Во время больших богослужений, когда на нем был надет кружевной стихарь, перевязанный широкой голубой лентой, Элиас был похож на печального ангела; изгиб его бледно-розовых губ говорил о глубокой, но нежной печали, гнетущей его; многие пастушки и даже некоторые благородные девушки задерживали свои взгляды на нем немного дольше, чем следовало. Однако он не замечал их; его русалочьи глаза затуманивались, а взор как будто устремлялся на проплывавшие вдали видения. Что представлялось ему, когда звонкий плач органа наполнял воздух и литургическое пение возносилось ввысь тоскующей жалобой о потерянных благах и печальной молитвой о благах неизведанных? Может быть, перед взором его проходило прошлое, а может быть, он видел пастбище, или переживал свое одиночество, или вспоминал о своей любви? Несомненно, он видел и помнил все и печалился от невозможности отбросить прошлое от себя, на что надеялся и рассчитывал; то, что до сих пор привязывало его к страданиям и радостям, к человеческим страстям, было не покидавшим его видением молодой коленопреклоненной в глубине церкви женщины, окруженной пурпуром праздничных одежд растущей толпы крестьян. Это была сияющая красотой Магдалина в платье невесты; на руках она держала ребенка, одетого в ярко-красную накидку с каймой из небесно-голубого шелка. Когда Магдалина покачивала перед личиком малыша серебряными и коралловыми изображениями святых, висевшими на его шейке, он поднимал розовые ручки и улыбался, прищуривая сияющие зеленоватые глаза.
Взору Элиаса все время представало это улыбающееся создание, и любовь его к малышу была исполнена печальной нежности; любя ребенка, он любил его мать, и ему часто приходилось страдать, когда он безуспешно боролся со своими земными влечениями.
Природный ум Элиаса тем временем развивался: два года неустанной учебы, постоянного чтения, которым он с охотой занимался, позволили ему сравняться со священнослужителями, которые начали учиться на много лет раньше его. Мало-помалу он привык к затворнической жизни, к слепому послушанию и дисциплине — ко всему тому, что на первых порах буквально душило его. Прошлое казалось ему сном, но этот сон не отпускал его.

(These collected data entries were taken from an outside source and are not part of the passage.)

Ltac esd_ring := apply: eq_mx_mulcV => x; rewrite -?mulmxA ?mul1mx !esd_apply;
  expand_forms; use_form_hyps; apply/matrixP => ? ?; rewrite !mxE; ring.

Lemma esd0 (u : V) : esd u 0 = 1%:M.
Proof. by esd_ring. Qed.

Lemma esdD (u v w : V) : bform u u = 0 -> bform u v = 0 -> bform u w = 0 ->
  esd u (v + w) = esd u v *m esd u w.
Proof. by move=> uu uv uw; have vw := bform_sym v w; esd_ring. Qed.

Lemma esd_self (u : V) c : bform u u = 0 -> esd u (c *: u) = 1%:M.
Proof. by move=> uu; have uq := isotropic_qform uu; esd_ring. Qed.

Lemma esd_swap (u v : V) : bform u u = 0 -> bform v v = 0 -> bform u v = 0 ->
  esd u v *m esd v u = 1%:M.
Proof.
move=> uu vv uv; have uq := isotropic_qform uu; have vq := isotropic_qform vv.
by esd_ring.
Qed.

Lemma esdZ_swap c (u v : V) : bform u u = 0 -> bform v v = 0 -> bform u v = 0 ->
  esd (c *: u) v = esd u (c *: v).
Proof. by move=> uu vv uv; have vq := isotropic_qform vv; esd_ring. Qed.

Lemma esd_commutator (t s f g : V) :
  bform t t = 0 -> bform s s = 0 -> bform f f = 0 -> bform g g = 0 ->
  bform f g = 1 -> bform t g = 0 -> bform f s = 0 -> bform t f = 0 ->
  bform g s = 0 -> bform t s = 0 ->
  esd t s = esd t f *m esd g s *m esd t (- f) *m esd g (- s).
Proof.
move=> tt ss ff gg fg tg fs tf gs ts.
by have sq := isotropic_qform ss; have fq := isotropic_qform ff; esd_ring.
Qed.

Lemma esd_commutator_anisotropic (u1 u2 e : V) a b :
  bform u1 u1 = 0 -> bform u2 u2 = 0 -> bform u1 u2 = 0 ->
  bform u1 e = 0 -> bform u2 e = 0 -> bform e e = 2%:R ->
  esd u1 ((- (2%:R * a * b)) *: u2) =
  esd u1 (a *: e) *m esd u2 (b *: e) *m esd u1 (- (a *: e)) *m esd u2 (- (b *: e)).
Proof.
move=> u1u1 u2u2 u1u2 u1e u2e ee.
have eq : qform e = 1 by apply: (mulrI unit2); rewrite -bform_qform ee mulr1.
by have u2q := isotropic_qform u2u2; esd_ring.
Qed.

End Transvections.

Section ElementaryGroup.
Variables (R : comUnitRingType) (n : nat).
Local Notation N := n.*2.+1.
Local Notation V := 'cV[R]_N.
Local Notation bvec := (@bvec R n).
Hypothesis unit2 : (2%:R : R) \is a GRing.unit.

Lemma in_EO_mul (A B : 'M[R]_N) : in_EO A -> in_EO B -> in_EO (A *m B).
Proof.
elim=> [|g A' gen_g _ IH|g A' gen_g _ IH] EO_B; first by rewrite mul1mx.
  by rewrite -mulmxA; apply: EO_mul => //; apply: IH.
by rewrite -mulmxA; apply: EO_mulV => //; apply: IH.
Qed.

Lemma in_EO_gen (g : 'M[R]_N) : EO_gen g -> in_EO g.
Proof. by move=> gen_g; rewrite -[g]mulmx1; apply: EO_mul => //; apply: EO_one. Qed.

Lemma in_EO_genV (g : 'M[R]_N) : EO_gen g -> in_EO (invmx g).
Proof.
by move=> gen_g; rewrite -[invmx g]mulmx1; apply: EO_mulV => //; apply: EO_one.
Qed.

Lemma ix0 : ix n 0 = ord0.
Proof. by apply: val_inj; rewrite /= inordK. Qed.

Lemma ix_neq0 k : (0 < k < N)%N -> ix n k != ord0.
Proof. by case/andP=> k_gt0 k_lt; rewrite -val_eqE /= inordK // -lt0n. Qed.

Lemma qform_bvec0 : qform (bvec ord0) = 1.
Proof. by apply: (mulrI unit2); rewrite -bform_qform bform_bvec00 mulr1. Qed.

Lemma esd_bvec_ord0 a l : a != ord0 ->
  esd (bvec a) ((- l) *: bvec ord0) = 1%:M + l *: (delta_mx ord0 (partner a)
    - 2%:R *: delta_mx a ord0 - l *: delta_mx a (partner a)).
Proof.
move=> a_neq0; apply: eq_mx_mulcV => x.
rewrite esd_apply mulmxDl mul1mx -scalemxAl !mulmxBl -!scalemxAl !mul_delta_mx_cV.
rewrite qformZ // qform_bvec0 bformZl bform_bvecl eqxx bform_bvecl_neq0 //.
by rewrite partner0; apply/matrixP => ? ?; rewrite !mxE; ring.
Qed.

Lemma F1_esd (i : 'I_n) l : F1 i l = esd (bvec (ix n i.*2.+1)) ((- l) *: bvec ord0).
Proof.
have i_lt := ltn_ord i.
have a_neq0 : ix n i.*2.+1 != ord0 by apply: ix_neq0; lia.
have a_partner : partner (ix n i.*2.+1) = ix n i.*2.+2.
  by apply: val_inj; rewrite /= !inordK /partner_nat /= ?odd_double //; lia.
by rewrite esd_bvec_ord0 // a_partner /F1 /emx ix0.
Qed.

Lemma F2_esd (i : 'I_n) l : F2 i l = esd (bvec (ix n i.*2.+2)) ((- l) *: bvec ord0).
Proof.
have i_lt := ltn_ord i.
have a_neq0 : ix n i.*2.+2 != ord0 by apply: ix_neq0; lia.
have a_partner : partner (ix n i.*2.+2) = ix n i.*2.+1.
  by apply: val_inj; rewrite /= !inordK /partner_nat /= ?odd_double //; lia.
by rewrite esd_bvec_ord0 // a_partner /F2 /emx ix0.
Qed.

Lemma EO_gen_esd a l : a != ord0 -> EO_gen (esd (bvec a) (l *: bvec ord0)).
Proof.
move=> a_neq0; have a_lt := ltn_ord a; have a_gt0 : (0 < a)%N by rewrite lt0n.
have i_lt : ((a.-1)./2 < n)%N by lia.
exists (Ordinal i_lt), (- l); rewrite F1_esd F2_esd opprK.
have [oa|ea] := boolP (odd a); [left | right];
  by rewrite (_ : ix n _ = a) //; apply: val_inj; rewrite /= inordK; lia.
Qed.

Lemma esd_unitmx (u v : V) : bform u u = 0 -> bform u v = 0 -> esd u v \in unitmx.
Proof.
move=> uu uv; apply: (proj1 (@mulmx1_unit _ _ _ (esd u (- v)) _)).
by rewrite -esdD ?subrr ?esd0 // bformNr uv oppr0.
Qed.

Lemma EO_gen_unitmx (g : 'M[R]_N) : EO_gen g -> g \in unitmx.
Proof.
case=> i [l [->|->]]; rewrite ?F1_esd ?F2_esd; apply: esd_unitmx;
  rewrite ?bformZr ?bvec_isotropic ?bform_bvec_ord0 ?mulr0 // ix_neq0 //;
  by have := ltn_ord i; lia.
Qed.

Lemma in_EO_linv (A B : 'M[R]_N) : in_EO A -> B *m A = 1%:M -> in_EO B.
Proof.
move=> EO_A; elim: EO_A B => [|g A' gen_g _ IH|g A' gen_g _ IH] B.
- by rewrite mulmx1 => ->; apply: EO_one.
- rewrite mulmxA => /IH EO_Bg; have g_unit := EO_gen_unitmx gen_g.
  by rewrite -(mulmxK g_unit B); apply: in_EO_mul => //; apply: in_EO_genV.
- rewrite mulmxA => /IH EO_Bg; have g_unit := EO_gen_unitmx gen_g.
  by rewrite -(mulmxKV g_unit B); apply: in_EO_mul => //; apply: in_EO_gen.
Qed.

Lemma in_EO_esd_swap (u v : V) : bform u u = 0 -> bform v v = 0 -> bform u v = 0 ->
  in_EO (esd v u) -> in_EO (esd u v).
Proof. by move=> uu vv uv EO_vu; apply: in_EO_linv EO_vu (esd_swap unit2 uu vv uv). Qed.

Элиасу было грустно, особенно в те дни, когда он отправлялся домой, где тетушка Аннедда принимала его с застенчивой нежностью; Элиас тщательно избегал взгляда Магдалины, он боялся прикасаться к ребенку, и, если его вынуждали приласкать малыша, делал это с робостью, и каждый раз вздрагивал при виде его. Элиаса терзало желание взять ребенка на руки, целовать его, заставить его улыбаться, посмотреть на его первые зубки, стиснуть его ручки и ножки в своих руках.
«Нет, нет, — повторял Элиас про себя, — мне нужно побороть свои чувства».

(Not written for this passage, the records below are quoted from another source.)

Lemma mem_nbhd P S j q : q \in P -> j \in S -> e j q -> q \in nbhd P S.
Proof.
by move=> qP jS ejq; rewrite inE qP; apply/existsP; exists j; rewrite jS.
Qed.

Lemma matching_nbhd N P f : matching N P f -> matching N (nbhd P N) f.
Proof.
move=> [injf mf]; split=> // j jN; have [fjP ejf] := mf j jN.
by rewrite (mem_nbhd fjP jN ejf).
Qed.

Lemma matching_subr N P P' f : P \subset P' -> matching N P f -> matching N P' f.
Proof.
move=> sPP' [injf mf]; split=> // j /mf[fjP ejf].
by rewrite (subsetP sPP').
Qed.

Lemma matching_glue N P S P1 f1 f2 : S \subset N -> P1 \subset P ->
  matching S P1 f1 -> matching (N :\: S) (P :\: P1) f2 ->
  matching N P (fun j => if j \in S then f1 j else f2 j).
Proof.
move=> sSN sP1P [inj1 m1] [inj2 m2].
have m2' j : j \in N -> j \notin S -> f2 j \in P :\: P1 /\ e j (f2 j).
  by move=> jN jS; apply: m2; rewrite inE jS.
split=> [j1 j2 j1N j2N /=|j jN].
  case: ifP => j1S; case: ifP => j2S.
  - exact: inj1.
  - move=> E; have [+ _] := m2' j2 j2N (negbT j2S).
    by rewrite -E inE (m1 j1 j1S).1.
  - move=> E; have [+ _] := m2' j1 j1N (negbT j1S).
    by rewrite E inE (m1 j2 j2S).1.
  - by apply: inj2; rewrite inE ?j1S ?j2S.
case: ifP => jS; first by have [/(subsetP sP1P)] := m1 j jS.
by have [] := m2' j jN (negbT jS); rewrite inE => /andP[].
Qed.

Lemma matching_setD1 N P i q f : i \in N -> q \in P -> e i q ->
  matching (N :\ i) (P :\ q) f ->
  matching N P (fun j => if j \in [set i] then q else f j).
Proof.
move=> iN qP eiq mf; apply: matching_glue mf; rewrite ?sub1set //.
by split=> [j1 j2|j]; rewrite !inE => /eqP-> //; move/eqP->.
Qed.

Lemma hall_condition_sub N N' P : N' \subset N ->
  hall_condition N P -> hall_condition N' P.
Proof. by move=> sN'N hall S sS; apply: hall; apply: subset_trans sN'N. Qed.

Даже присутствие Магдалины, хотя она ни разу ни в чем не упрекнула его и часто смотрела на него со скорбной нежностью, волновало его кровь; Магдалина была привлекательна как никогда, она всю себя отдавала малышу и, казалось, жила только для Берте. И для Элиаса образ Магдалины стал неотделим от образа ребенка.
Элиас чувствовал, что, если бы он не решил посвятить себя Богу (а он уже чувствовал себя связанным с Господом, хотя и не был еще рукоположен в священники), он снова неминуемо оступился бы. Пока что он мог хотя бы следить за своими мыслями, но часто борьба была мучительной и тоска изматывала Элиаса до полусмерти. В такие дни он чувствовал глубокую грусть и отчаяние от жизни и от самого себя, однако никогда не роптал и ни одного мгновения не жалел о принятом решении.

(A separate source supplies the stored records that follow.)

Lemma child_label_neq {e c} : tch v e = Some c -> tval c <> Some e.2.
Proof.
move=> hc; case: shattered => _ differP _ _ _.
exact: differP (reach_child hr hx hc) _ _ _ _ (In_rcons_last _ _).
Qed.

Lemma child_of_seen {e} : H e \/ lab_ex p e -> exists c, tch v e = Some c.
Proof.
case: shattered => _ _ edgeP _ _ /(edgeP _ _ _ hr hx).
by case: (tch v e) => [c|] // _; exists c.
Qed.

Lemma node_example_fresh : ~ exists y, H (x, y).
Proof.
move=> [y hxy]; have [c hc] := child_of_seen (or_introl hxy).
have [T [[_ consH] [_ cy]]] := child_label hc.
by apply: (child_label_neq hc); rewrite cy (consH _ _ hxy).
Qed.

Lemma uniform_children_label_unseen {e0 c0 ys} :
  tch v e0 = Some c0 -> tval c0 = Some ys ->
  (forall e c, tch v e = Some c -> tval c = tval c0) -> ys \in unseen H p.
Proof.
move=> hc0 c0ys uniform; apply/asboolPn => -[x' /child_of_seen [c hc]].
by apply: (child_label_neq hc); rewrite (uniform _ _ hc) c0ys.
Qed.

Lemma Ldim_ge_split_children {e1 e2 c1 c2 n} :
  tch v e1 = Some c1 -> tch v e2 = Some c2 -> tval c1 <> tval c2 ->
  Ldim_ge (path_class TC H (p ++ [:: (x, e1, tval c1, tphi c1)])) n ->
  Ldim_ge (path_class TC H (p ++ [:: (x, e2, tval c2, tphi c2)])) n ->
  Ldim_ge (path_class TC H p) n.+1.
Proof.
move=> hc1 hc2 c12; pose z : Xpp H := exist _ x node_example_fresh.
have [T1 [_ [_ l1]]] := child_label hc1; have [T2 [_ [_ l2]]] := child_label hc2.
rewrite l1 l2 => L1 L2; apply: (Ldim_ge_node _ z (T1.1 x) (T2.1 x)).
- by move=> e12; apply: c12; rewrite l1 l2 e12.
- exact: Ldim_ge_sub (fun h => path_class_rcons z erefl) L1.
- exact: Ldim_ge_sub (fun h => path_class_rcons z erefl) L2.
Qed.

End Child.
End ShatteredTree.

Section LdimBound.
Context {X : Type} {Y : finType} {Phi : (X -> bool) -> Prop}.
Context {TC : teacher X Y -> Prop} {H : X * Y -> Prop} {t : dfftree X Y} {d : nat}.
Hypotheses (shattered : dff_shattered Phi TC H t d) (H_nonempty : exists e, H e).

Порой Элиасу не хватало сил; когда он спал или дремал, тяжкие сны одолевали его хуже всякого искушения. Ему снилось прошлое, пастбище, овчарня, домик, Магдалина и — часто — ребенок; ему все виделось, что он еще пастух и еще не связан обетами; однако какое-то тяжкое бремя, какое-то неуловимое, но весьма болезненное воспоминание превращали эти сны в кошмар. Однако не эти сны заставляли его тосковать, а то, что он видел, когда глаза его были открыты, — сладостные и вместе с тем гибельные видения, одолевавшие его, подобно осаждающей армии. «Нет! Нет! Нет!» — повторял Элиас про себя и гнал пустые вожделения и роковые образы; он начинал молиться и садился за книги; но почти всегда, после того как он прогонял безрадостные сны, они всякий раз возвращались к нему.